What the task asks ▸
Give back only the lines in the records below from the one with "Definition C2_away0 (d" to the one with "apply: eq_bigr => j _; rewrite mulrC.", both inclusive, word for word.

Collected data entries
★ ★ ★ ★ ★
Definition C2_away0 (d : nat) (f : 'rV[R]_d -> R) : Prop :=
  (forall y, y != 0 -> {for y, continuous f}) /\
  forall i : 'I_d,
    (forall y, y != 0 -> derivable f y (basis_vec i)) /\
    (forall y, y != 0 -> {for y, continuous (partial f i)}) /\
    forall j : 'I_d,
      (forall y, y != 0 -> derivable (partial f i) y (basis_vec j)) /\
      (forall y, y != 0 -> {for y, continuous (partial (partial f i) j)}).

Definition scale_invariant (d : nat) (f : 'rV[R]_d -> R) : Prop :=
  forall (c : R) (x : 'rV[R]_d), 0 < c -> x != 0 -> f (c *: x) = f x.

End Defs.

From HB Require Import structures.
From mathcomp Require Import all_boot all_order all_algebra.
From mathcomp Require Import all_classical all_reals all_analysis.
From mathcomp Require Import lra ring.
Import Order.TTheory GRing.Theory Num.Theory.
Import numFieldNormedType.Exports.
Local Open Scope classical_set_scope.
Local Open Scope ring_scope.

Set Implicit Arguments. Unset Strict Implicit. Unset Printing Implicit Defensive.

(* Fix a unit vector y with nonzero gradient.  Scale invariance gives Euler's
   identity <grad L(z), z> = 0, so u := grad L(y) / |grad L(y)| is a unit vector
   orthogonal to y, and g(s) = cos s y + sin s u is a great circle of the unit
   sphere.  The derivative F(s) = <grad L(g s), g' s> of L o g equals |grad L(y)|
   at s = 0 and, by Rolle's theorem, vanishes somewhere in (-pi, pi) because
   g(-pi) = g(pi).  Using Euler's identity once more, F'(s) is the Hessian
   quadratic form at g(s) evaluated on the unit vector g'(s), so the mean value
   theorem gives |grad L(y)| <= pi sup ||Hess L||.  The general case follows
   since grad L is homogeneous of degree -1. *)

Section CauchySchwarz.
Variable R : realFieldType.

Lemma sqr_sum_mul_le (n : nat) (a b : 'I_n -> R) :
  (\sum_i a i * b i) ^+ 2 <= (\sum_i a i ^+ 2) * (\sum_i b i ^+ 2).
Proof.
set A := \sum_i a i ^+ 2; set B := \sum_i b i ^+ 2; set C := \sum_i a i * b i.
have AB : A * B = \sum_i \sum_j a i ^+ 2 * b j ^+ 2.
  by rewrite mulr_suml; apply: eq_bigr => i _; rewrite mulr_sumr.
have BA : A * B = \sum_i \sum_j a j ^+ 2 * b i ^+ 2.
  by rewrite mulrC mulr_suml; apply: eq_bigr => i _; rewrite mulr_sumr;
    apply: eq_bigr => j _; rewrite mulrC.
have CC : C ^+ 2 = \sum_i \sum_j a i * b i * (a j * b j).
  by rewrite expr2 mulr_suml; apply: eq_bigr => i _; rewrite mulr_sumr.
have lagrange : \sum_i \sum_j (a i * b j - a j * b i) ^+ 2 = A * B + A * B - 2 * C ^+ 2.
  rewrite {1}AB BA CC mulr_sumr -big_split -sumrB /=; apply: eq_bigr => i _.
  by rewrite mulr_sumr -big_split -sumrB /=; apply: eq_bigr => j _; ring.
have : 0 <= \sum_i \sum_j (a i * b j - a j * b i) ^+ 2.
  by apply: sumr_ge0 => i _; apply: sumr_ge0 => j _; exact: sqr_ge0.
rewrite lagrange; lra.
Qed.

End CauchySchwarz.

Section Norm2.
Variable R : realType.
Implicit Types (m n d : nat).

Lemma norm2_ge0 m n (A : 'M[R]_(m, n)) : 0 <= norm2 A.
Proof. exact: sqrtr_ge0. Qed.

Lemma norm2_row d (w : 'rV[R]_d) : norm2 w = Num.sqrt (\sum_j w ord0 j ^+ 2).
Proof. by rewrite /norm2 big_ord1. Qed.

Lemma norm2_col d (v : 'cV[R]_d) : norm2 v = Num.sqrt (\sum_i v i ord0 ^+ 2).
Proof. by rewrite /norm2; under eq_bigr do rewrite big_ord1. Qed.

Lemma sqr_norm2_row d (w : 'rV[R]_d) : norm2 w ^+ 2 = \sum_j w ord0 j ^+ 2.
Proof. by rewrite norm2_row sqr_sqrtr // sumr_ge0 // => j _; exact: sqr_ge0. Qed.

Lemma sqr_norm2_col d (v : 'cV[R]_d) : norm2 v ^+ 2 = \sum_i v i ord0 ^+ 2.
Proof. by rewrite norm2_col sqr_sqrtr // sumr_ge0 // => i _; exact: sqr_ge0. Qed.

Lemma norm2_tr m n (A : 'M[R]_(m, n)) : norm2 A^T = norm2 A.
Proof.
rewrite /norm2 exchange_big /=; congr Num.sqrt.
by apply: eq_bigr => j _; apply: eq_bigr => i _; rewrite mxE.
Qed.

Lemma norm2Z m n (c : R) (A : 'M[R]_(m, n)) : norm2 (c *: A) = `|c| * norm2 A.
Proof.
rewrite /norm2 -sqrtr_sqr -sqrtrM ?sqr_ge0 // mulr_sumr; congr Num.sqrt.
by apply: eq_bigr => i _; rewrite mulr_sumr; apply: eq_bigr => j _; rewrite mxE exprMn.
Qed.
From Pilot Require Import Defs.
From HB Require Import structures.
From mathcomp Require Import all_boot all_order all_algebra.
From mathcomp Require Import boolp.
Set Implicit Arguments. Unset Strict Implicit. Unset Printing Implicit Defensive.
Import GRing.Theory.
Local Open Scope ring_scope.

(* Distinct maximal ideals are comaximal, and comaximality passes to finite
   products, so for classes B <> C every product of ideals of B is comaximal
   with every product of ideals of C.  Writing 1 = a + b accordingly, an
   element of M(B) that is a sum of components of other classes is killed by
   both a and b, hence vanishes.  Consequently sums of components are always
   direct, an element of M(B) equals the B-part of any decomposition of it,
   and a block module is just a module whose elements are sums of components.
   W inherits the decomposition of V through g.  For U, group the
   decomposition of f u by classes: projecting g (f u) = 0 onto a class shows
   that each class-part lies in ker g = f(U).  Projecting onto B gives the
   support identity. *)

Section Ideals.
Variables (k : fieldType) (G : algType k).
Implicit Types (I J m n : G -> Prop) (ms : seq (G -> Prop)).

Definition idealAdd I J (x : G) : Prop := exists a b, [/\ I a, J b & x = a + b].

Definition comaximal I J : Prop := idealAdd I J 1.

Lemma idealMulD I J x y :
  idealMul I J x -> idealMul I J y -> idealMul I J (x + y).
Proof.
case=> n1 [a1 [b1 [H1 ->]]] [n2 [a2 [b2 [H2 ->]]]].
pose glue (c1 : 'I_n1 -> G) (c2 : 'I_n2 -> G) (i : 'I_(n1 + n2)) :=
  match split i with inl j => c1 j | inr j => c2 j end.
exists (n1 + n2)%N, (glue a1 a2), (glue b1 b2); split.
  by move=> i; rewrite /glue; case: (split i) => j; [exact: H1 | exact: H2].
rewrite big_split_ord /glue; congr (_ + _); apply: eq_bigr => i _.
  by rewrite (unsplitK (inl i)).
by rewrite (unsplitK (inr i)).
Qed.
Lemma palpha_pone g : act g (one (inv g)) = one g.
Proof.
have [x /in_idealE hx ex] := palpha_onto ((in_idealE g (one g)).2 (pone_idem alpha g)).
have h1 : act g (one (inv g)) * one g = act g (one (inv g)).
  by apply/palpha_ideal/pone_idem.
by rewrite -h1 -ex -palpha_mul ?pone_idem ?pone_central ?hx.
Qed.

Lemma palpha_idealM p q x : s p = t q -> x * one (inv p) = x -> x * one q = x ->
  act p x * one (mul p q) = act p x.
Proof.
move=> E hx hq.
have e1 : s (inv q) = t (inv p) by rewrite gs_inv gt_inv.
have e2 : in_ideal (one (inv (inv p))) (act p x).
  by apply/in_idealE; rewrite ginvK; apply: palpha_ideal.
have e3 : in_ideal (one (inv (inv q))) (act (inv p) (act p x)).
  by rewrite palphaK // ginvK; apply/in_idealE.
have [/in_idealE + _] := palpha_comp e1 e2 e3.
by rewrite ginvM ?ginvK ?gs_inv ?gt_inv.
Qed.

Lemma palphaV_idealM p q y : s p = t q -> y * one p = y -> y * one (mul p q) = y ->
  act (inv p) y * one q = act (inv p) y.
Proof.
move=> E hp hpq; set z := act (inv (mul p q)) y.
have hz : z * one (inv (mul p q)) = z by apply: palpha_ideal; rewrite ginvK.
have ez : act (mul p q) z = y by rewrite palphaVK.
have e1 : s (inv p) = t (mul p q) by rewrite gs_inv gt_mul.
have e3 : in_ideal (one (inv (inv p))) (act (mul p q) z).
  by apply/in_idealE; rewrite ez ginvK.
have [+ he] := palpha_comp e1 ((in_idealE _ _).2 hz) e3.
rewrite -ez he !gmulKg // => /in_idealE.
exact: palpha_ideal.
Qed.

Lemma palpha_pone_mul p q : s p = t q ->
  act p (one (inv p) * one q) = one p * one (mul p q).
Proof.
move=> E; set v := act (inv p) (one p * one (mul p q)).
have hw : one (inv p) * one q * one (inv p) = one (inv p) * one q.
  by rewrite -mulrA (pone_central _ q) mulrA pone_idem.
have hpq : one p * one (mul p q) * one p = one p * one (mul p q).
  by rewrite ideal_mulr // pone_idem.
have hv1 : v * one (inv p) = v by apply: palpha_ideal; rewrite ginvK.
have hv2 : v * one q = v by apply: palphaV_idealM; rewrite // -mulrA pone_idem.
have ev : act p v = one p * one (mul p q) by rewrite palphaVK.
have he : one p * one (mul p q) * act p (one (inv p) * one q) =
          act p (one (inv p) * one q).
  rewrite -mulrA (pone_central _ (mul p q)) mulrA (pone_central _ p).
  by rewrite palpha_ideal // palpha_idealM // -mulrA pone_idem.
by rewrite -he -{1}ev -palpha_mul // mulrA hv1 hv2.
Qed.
★ ★ ★ ★ ★
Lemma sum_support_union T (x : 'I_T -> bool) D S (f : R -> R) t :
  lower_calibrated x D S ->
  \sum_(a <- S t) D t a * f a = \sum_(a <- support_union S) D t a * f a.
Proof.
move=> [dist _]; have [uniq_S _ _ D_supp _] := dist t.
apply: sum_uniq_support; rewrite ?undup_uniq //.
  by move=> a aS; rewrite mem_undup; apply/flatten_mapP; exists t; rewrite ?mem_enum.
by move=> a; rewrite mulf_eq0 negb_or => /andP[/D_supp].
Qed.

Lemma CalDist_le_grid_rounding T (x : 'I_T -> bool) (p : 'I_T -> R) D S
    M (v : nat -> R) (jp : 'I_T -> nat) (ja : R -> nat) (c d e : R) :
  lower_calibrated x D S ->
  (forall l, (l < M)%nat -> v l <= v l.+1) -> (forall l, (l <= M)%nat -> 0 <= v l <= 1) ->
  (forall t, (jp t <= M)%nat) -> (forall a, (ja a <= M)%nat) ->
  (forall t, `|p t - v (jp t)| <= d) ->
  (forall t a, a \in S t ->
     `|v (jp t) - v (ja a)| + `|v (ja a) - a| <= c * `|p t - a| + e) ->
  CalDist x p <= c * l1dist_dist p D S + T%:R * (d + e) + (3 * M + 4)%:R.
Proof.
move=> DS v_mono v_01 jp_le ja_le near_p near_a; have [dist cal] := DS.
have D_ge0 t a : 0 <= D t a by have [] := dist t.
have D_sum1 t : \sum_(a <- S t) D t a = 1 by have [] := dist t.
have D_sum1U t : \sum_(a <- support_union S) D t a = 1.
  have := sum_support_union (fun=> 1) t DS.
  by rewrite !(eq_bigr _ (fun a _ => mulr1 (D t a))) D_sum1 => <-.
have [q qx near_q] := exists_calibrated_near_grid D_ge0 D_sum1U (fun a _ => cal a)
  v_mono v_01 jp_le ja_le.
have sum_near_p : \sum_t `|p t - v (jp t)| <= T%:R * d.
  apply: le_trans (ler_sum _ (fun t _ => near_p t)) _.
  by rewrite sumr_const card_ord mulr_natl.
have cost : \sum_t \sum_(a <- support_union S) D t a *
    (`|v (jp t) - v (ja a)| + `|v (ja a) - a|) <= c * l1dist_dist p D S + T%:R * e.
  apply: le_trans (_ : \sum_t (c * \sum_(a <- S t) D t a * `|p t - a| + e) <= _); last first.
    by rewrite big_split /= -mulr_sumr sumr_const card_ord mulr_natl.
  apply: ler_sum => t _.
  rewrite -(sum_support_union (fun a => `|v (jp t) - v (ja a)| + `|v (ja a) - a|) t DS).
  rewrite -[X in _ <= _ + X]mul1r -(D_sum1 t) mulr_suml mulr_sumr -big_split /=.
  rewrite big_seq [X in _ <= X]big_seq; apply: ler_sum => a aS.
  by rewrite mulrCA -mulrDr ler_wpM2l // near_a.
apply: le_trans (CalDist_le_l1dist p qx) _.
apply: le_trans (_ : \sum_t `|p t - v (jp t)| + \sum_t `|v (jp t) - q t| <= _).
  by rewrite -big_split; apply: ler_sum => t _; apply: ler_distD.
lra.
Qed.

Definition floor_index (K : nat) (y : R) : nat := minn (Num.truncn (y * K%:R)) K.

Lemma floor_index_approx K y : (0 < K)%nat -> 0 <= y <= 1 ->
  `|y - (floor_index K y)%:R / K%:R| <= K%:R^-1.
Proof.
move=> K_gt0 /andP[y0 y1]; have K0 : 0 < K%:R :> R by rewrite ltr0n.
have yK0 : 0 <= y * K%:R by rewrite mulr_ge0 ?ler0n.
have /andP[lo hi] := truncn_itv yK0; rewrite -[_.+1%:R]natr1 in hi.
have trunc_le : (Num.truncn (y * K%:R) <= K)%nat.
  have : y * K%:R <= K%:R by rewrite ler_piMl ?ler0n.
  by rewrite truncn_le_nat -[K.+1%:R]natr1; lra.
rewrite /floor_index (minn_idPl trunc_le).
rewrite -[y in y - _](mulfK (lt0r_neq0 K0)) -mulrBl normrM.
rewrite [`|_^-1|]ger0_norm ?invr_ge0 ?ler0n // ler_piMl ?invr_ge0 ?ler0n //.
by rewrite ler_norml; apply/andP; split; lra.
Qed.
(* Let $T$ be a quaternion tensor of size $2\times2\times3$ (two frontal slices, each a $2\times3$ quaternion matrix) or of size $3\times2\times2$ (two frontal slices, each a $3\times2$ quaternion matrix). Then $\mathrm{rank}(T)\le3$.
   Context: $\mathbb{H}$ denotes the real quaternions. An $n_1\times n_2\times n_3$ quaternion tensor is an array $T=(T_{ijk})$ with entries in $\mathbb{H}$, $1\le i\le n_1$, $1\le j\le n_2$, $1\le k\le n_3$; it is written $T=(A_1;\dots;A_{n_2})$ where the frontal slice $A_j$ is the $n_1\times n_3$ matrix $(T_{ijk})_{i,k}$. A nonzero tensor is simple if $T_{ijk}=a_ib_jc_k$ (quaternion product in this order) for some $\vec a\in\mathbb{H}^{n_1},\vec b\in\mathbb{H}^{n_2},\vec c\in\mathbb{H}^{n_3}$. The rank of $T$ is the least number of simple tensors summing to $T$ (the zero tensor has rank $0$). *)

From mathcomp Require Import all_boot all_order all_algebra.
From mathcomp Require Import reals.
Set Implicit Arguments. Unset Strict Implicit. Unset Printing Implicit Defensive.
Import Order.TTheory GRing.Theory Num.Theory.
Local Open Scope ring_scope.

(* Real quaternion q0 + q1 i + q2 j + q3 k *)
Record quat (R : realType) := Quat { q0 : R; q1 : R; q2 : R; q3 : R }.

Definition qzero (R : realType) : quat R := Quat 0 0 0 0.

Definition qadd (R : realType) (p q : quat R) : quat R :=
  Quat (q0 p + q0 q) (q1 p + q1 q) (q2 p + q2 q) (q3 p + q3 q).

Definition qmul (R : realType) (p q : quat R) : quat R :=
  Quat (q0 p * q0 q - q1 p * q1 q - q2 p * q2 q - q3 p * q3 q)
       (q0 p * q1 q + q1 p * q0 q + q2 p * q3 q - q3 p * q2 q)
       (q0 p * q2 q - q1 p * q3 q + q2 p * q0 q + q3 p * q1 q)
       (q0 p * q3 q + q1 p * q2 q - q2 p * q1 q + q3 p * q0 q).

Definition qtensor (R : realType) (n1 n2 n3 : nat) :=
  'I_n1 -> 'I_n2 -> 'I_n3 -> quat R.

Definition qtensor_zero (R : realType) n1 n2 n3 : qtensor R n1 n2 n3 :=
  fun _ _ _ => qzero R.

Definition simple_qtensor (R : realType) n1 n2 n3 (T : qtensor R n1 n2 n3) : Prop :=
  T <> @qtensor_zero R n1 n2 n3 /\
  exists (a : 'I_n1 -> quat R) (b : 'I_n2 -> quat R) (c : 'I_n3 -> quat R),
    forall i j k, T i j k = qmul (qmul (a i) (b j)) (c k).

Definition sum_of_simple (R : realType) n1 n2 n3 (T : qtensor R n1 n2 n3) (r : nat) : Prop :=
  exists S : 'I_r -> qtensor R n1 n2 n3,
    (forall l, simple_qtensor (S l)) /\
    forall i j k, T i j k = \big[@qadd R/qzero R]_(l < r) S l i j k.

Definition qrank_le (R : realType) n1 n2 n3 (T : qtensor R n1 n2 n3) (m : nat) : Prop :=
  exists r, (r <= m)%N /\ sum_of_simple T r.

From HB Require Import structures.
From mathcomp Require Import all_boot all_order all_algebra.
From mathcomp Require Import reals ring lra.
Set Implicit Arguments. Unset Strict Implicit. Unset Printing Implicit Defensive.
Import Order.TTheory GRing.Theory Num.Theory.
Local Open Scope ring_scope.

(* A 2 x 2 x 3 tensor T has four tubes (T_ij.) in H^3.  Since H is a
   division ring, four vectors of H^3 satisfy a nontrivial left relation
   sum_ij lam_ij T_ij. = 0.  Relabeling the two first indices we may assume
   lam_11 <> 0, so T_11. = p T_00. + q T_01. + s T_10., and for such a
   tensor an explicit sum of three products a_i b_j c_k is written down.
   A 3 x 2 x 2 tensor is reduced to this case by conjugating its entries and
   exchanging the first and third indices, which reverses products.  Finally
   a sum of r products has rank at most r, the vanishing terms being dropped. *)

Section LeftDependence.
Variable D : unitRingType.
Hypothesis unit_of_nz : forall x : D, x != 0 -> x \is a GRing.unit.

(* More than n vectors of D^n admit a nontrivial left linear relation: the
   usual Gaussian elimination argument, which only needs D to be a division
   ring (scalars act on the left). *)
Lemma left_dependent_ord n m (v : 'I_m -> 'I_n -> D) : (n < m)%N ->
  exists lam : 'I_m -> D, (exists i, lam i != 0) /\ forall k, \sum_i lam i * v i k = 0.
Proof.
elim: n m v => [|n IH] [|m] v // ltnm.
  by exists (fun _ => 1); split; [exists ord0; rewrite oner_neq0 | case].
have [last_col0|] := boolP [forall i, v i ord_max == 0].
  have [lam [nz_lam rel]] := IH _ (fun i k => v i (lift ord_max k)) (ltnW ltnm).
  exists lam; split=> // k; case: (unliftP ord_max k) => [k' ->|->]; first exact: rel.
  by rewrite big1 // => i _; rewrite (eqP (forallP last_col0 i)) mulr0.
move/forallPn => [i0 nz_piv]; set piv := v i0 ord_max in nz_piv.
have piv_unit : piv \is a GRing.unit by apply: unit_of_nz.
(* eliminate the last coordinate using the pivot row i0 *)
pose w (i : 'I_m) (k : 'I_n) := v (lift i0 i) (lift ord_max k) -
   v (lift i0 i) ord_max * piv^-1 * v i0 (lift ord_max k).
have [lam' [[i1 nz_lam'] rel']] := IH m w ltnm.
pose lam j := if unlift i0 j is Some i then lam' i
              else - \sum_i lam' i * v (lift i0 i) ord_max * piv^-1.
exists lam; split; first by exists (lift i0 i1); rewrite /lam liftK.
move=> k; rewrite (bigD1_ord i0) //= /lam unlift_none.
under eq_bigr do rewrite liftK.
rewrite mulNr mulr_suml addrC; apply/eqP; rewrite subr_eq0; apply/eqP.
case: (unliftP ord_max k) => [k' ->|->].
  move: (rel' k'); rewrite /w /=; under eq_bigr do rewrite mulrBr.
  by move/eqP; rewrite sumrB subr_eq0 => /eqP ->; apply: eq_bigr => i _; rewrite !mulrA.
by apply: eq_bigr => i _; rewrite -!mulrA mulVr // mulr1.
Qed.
★ ★ ★ ★ ★
Task response ▸
Definition C2_away0 (d : nat) (f : 'rV[R]_d -> R) : Prop :=
  (forall y, y != 0 -> {for y, continuous f}) /\
  forall i : 'I_d,
    (forall y, y != 0 -> derivable f y (basis_vec i)) /\
    (forall y, y != 0 -> {for y, continuous (partial f i)}) /\
    forall j : 'I_d,
      (forall y, y != 0 -> derivable (partial f i) y (basis_vec j)) /\
      (forall y, y != 0 -> {for y, continuous (partial (partial f i) j)}).

Definition scale_invariant (d : nat) (f : 'rV[R]_d -> R) : Prop :=
  forall (c : R) (x : 'rV[R]_d), 0 < c -> x != 0 -> f (c *: x) = f x.

End Defs.

From HB Require Import structures.
From mathcomp Require Import all_boot all_order all_algebra.
From mathcomp Require Import all_classical all_reals all_analysis.
From mathcomp Require Import lra ring.
Import Order.TTheory GRing.Theory Num.Theory.
Import numFieldNormedType.Exports.
Local Open Scope classical_set_scope.
Local Open Scope ring_scope.

Set Implicit Arguments. Unset Strict Implicit. Unset Printing Implicit Defensive.

(* Fix a unit vector y with nonzero gradient.  Scale invariance gives Euler's
   identity <grad L(z), z> = 0, so u := grad L(y) / |grad L(y)| is a unit vector
   orthogonal to y, and g(s) = cos s y + sin s u is a great circle of the unit
   sphere.  The derivative F(s) = <grad L(g s), g' s> of L o g equals |grad L(y)|
   at s = 0 and, by Rolle's theorem, vanishes somewhere in (-pi, pi) because
   g(-pi) = g(pi).  Using Euler's identity once more, F'(s) is the Hessian
   quadratic form at g(s) evaluated on the unit vector g'(s), so the mean value
   theorem gives |grad L(y)| <= pi sup ||Hess L||.  The general case follows
   since grad L is homogeneous of degree -1. *)

Section CauchySchwarz.
Variable R : realFieldType.

Lemma sqr_sum_mul_le (n : nat) (a b : 'I_n -> R) :
  (\sum_i a i * b i) ^+ 2 <= (\sum_i a i ^+ 2) * (\sum_i b i ^+ 2).
Proof.
set A := \sum_i a i ^+ 2; set B := \sum_i b i ^+ 2; set C := \sum_i a i * b i.
have AB : A * B = \sum_i \sum_j a i ^+ 2 * b j ^+ 2.
  by rewrite mulr_suml; apply: eq_bigr => i _; rewrite mulr_sumr.
have BA : A * B = \sum_i \sum_j a j ^+ 2 * b i ^+ 2.
  by rewrite mulrC mulr_suml; apply: eq_bigr => i _; rewrite mulr_sumr;
    apply: eq_bigr => j _; rewrite mulrC.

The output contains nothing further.